As Balvin, a 32-year-old from Medellín, Colombia, travels the world on his Energia Tour this summer, there are seven predominantly Spanish-language tracks on the Billboard Hot 100 dated Aug. 12, including "Mi Gente," a remake of William's "Voodoo Song," owned by Scorpio and sublicensed in some territories by UMG. Comparably, in all of 2016, just five Spanish-language songs graced the chart in total.
RCA is working a Spanglish remix of Enrique Iglesias' "Subeme la Radio," featuring Sean Paul, to top 40 and rhythmic radio, while there's also a new Balvin-assisted Latin remix of French Montana's top five Hot 100 hit "Unforgettable," featuring Swae Lee. Other mainstream acts are piling in, with Camila Cabello issuing "Havana" in August, Jax Jones releasing a Brazilian Carnival-inspired video for "Instruction" (featuring Demi Lovato and Stefflon Don) and Dillon Francis working on several Spanish singles that could appear on an upcoming album.
"How crazy is that?" says MLKMN, a Mexican rapper who collaborated with Francis earlier this year and helped design the smiley-faced, lightning-eyed emoji that decorates Balvin's merch.
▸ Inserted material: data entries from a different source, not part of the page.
Lemma dotv_top_only {K : comPzRingType} {n : nat} (a : K) (u : 'cV[K]_n)
  (x : 'cV[K]_(1 + n)) :
  (forall i, x (rshift 1 i) 0 = 0) -> dotv (col_mx a%:M u) x = a * x (lshift n 0) 0.
Proof.
move=> x_bot; rewrite /dotv big_split_ord /= big_ord1 big1 ?addr0 => [|i _].
  by rewrite col_mxEu mxE mulr1n.
by rewrite x_bot mulr0.
Qed.

Section SimpleEigenvalue.
Context {K : fieldType} {m : nat} {A : 'M[K]_m} {lam : K} {p q : 'cV[K]_m}.
Hypothesis eig_p : A *m p = lam *: p.
Hypothesis eig_q : A^T *m q = lam *: q.
Hypothesis qp1 : dotv q p = 1.
Hypothesis ker_shift : forall w, A *m w - lam *: w = 0 -> exists a, w = a *: p.
Hypothesis range_shift : forall v, dotv q v = 0 -> exists u, A *m u - lam *: u = v.

Let shift (w : 'cV[K]_m) : 'cV[K]_m := A *m w - lam *: w.

Lemma shift_lin (a : K) (x y : 'cV[K]_m) : shift (a *: x + y) = a *: shift x + shift y.
Proof.
rewrite /shift mulmxDr -scalemxAr scalerDr scalerA mulrC -scalerA scalerBr opprD.
by rewrite addrACA.
Qed.

Lemma iter_shift_lin k (a : K) (x y : 'cV[K]_m) :
  iter k shift (a *: x + y) = a *: iter k shift x + iter k shift y.
Proof. by elim: k => //= k ->; rewrite shift_lin. Qed.

Lemma iter_shift0 k : iter k shift 0 = 0.
Proof. by elim: k => //= k ->; rewrite /shift mulmx0 scaler0 subrr. Qed.

Lemma shift_p : shift p = 0.
Proof. by rewrite /shift eig_p subrr. Qed.

Lemma dotv_shift w : dotv q (shift w) = 0.
Proof.
rewrite !dotvE mulmxBr mulmxA -[q^T *m A]trmxK trmx_mul trmxK eig_q.
by rewrite -scalemxAr linearZ /= scalemxAl subrr mxE.
Qed.

Lemma project_away v : dotv q (- dotv q v *: p + v) = 0.
Proof. by rewrite dotv_lin qp1 mulr1 addNr. Qed.

Lemma shift_iter_inj k w : dotv q w = 0 -> iter k shift w = 0 -> w = 0.
Proof.
elim: k w => [//|k IH] w qw; rewrite iterSr => /(IH _ (dotv_shift w)) /ker_shift [a Ew].
by move: qw; rewrite Ew dotvZ qp1 mulr1 => ->; rewrite scale0r.
Qed.

Lemma shift_iter_onto k v : dotv q v = 0 ->
  exists u, dotv q u = 0 /\ v = iter k shift u.
Proof.
elim: k v => [|k IH] v qv; first by exists v.
have [u1 [qu1 ->]] := IH v qv; have [u0 su0] := range_shift _ qu1.
exists (- dotv q u0 *: p + u0); split; first exact: project_away.
by rewrite iterSr shift_lin shift_p scaler0 add0r -su0.
Qed.

Lemma simple_spectral_projection :
  is_spectral_projection A lam (fun v => dotv q v *: p).
Proof.
(* The dimension m is positive since q.p = 1, so the m-th shift kills p and
   has range in q^perp. *)
have m_gt0 : (0 < m)%N.
  rewrite lt0n; apply/negP => /eqP m0; have := qp1.
  rewrite /dotv big1 => [/esym/eqP|i _]; first by rewrite oner_eq0.
  by have := leq_trans (ltn_ord i) (eq_leq m0).
have powE v : shiftpow A lam v = iter m shift v by [].
have powS v : iter m shift v = shift (iter m.-1 shift v) by rewrite -iterS prednK.
have pow_p : iter m shift p = 0.
  have -> : iter m shift p = iter m.-1 shift (shift p) by rewrite -iterSr prednK.
  by rewrite shift_p iter_shift0.
split.
- by move=> a u v; rewrite dotv_lin scalerDl scalerA.
- by move=> v; rewrite dotvZ qp1 mulr1.
- move=> v; rewrite powE; split.
    by move=> [u ->]; rewrite -[_ *: p]addr0 iter_shift_lin pow_p iter_shift0 scaler0 addr0.
  move=> pow_v; exists v.
  suff /eqP : - dotv q v *: p + v = 0 by rewrite scaleNr addrC subr_eq0 => /eqP.
  apply: (shift_iter_inj m _ (project_away v)).
  by rewrite iter_shift_lin pow_p pow_v scaler0 addr0.
- move=> v; split; last first.
    by move=> [w ->]; rewrite powE powS dotv_shift scale0r.
  move=> /(congr1 (dotv q)); rewrite dotvZ qp1 mulr1 (dotvE q 0) mulmx0 mxE => qv.
  by have [u [_ ->]] := shift_iter_onto m _ qv; exists u.
Qed.
(* Let $G$ be a scheduling game on $m\ge2$ identical machines of speed $1$ with a global priority list, in which every job $i$ has negative deterioration $p_i(t)=\max\{\tau_i,b_i-a_it\}$ with $0\le a_i\le1$ (all jobs delay-averse). Then every pure Nash equilibrium $\sigma$ of $G$ satisfies $C_{\max}(\sigma)\le\left(3-\frac2m\right)OPT(G)$; i.e., $PoA({\cal G}^{-DA}_{PGlobal})\le 3-\frac2m$.
   Context: Scheduling game: a finite set $N$ of $n$ jobs (players) and a set $M$ of $m$ machines; machine $j$ has speed $s_j>0$. With a global priority list, all machines share the same bijection $\pi:N\to\{1,\dots,n\}$, and job $u$ has higher priority than $v$ iff $\pi(u)<\pi(v)$. Negative deterioration: $p_i(t)=\max\{\tau_i,b_i-a_it\}$ with $b_i,a_i\ge0$, $\tau_i>0$. A profile $\sigma\in M^N$ assigns each job to a machine. On machine $j$, the jobs assigned to it, listed in increasing $\pi$-order as $i_1,i_2,\dots$, are processed without idle time: $S_{i_1}(\sigma)=0$, $C_{i_k}(\sigma)=S_{i_k}(\sigma)+p_{i_k}(S_{i_k}(\sigma))/s_j$, $S_{i_{k+1}}(\sigma)=C_{i_k}(\sigma)$. The cost of job $i$ is $C_i(\sigma)$. A pure Nash equilibrium (NE) is a profile in which no job can strictly decrease its completion time by unilaterally changing its machine. Makespan $C_{\max}(\sigma)=\max_iC_i(\sigma)$; $OPT(G)=\min_\sigma C_{\max}(\sigma)$ over all profiles. ${\cal G}^{-DA}_{PGlobal}$ denotes the class of all games described in the claim; its PoA is the supremum over its games of $\max_{\sigma\text{ NE}}C_{\max}(\sigma)/OPT(G)$. *)

From mathcomp Require Import all_boot all_order all_algebra.
From mathcomp Require Import perm.
Set Implicit Arguments. Unset Strict Implicit. Unset Printing Implicit Defensive.
Import Order.TTheory GRing.Theory Num.Theory.
Local Open Scope ring_scope.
Latin music crazes have come and gone, but with streaming now driving the industry's growth and Latin fans proving to be some of the most engaged music streamers on the planet, the market looks increasingly promising. Though Latin America generated just $598 million of the world's $16 billion in recorded-music revenue in 2016, according to IFPI, the growing ranks streaming Latin tunes from other countries are "even getting the U.K. labels to reach out and ask for collabs -- that's a first," says Lorenzo Braun, senior vp/GM of Sony Music U.S. Latin.
Streaming is both revealing new pockets of Latin music fans ("Despacito" is huge in Japan) while squeezing revenue from known fans who hadn't necessarily been paying for music before. While paid services generate the highest per-stream payouts for labels, even ad-supported, free services such as YouTube are monetizing listeners who in the past made due with pirated tunes. Earlier in August, "Despacito" became YouTube's most-seen video of all time, but there were four other Spanish-language videos among the top 10 and 27 among the top 100 for the week of Aug. 4.
"Streaming is helping great music come from anywhere and translate everywhere," says Stu Bergen, Warner Music Group CEO of international and global commercial services.
Daddy Yankee says that before streaming took off, mainstream executives "couldn't understand why we sold [out] arenas around the world," with U.S. sales so slim. "Now, we can finally see the global traffic of people that support us," he says.
Indie publisher Pulse Music has made inroads into the Latin market during the past 18 months, signing writers including MLKMN and Marty James, who collaborated on the English translation of the "Despacito" remix. But Pulse president Maria Egan says she's more focused on "music that makes a global impact" rather than traditional Latin fare.
"Thanks to 'Despacito,' " says Fonsi, "all eyes are not only on me, but Latin music in general."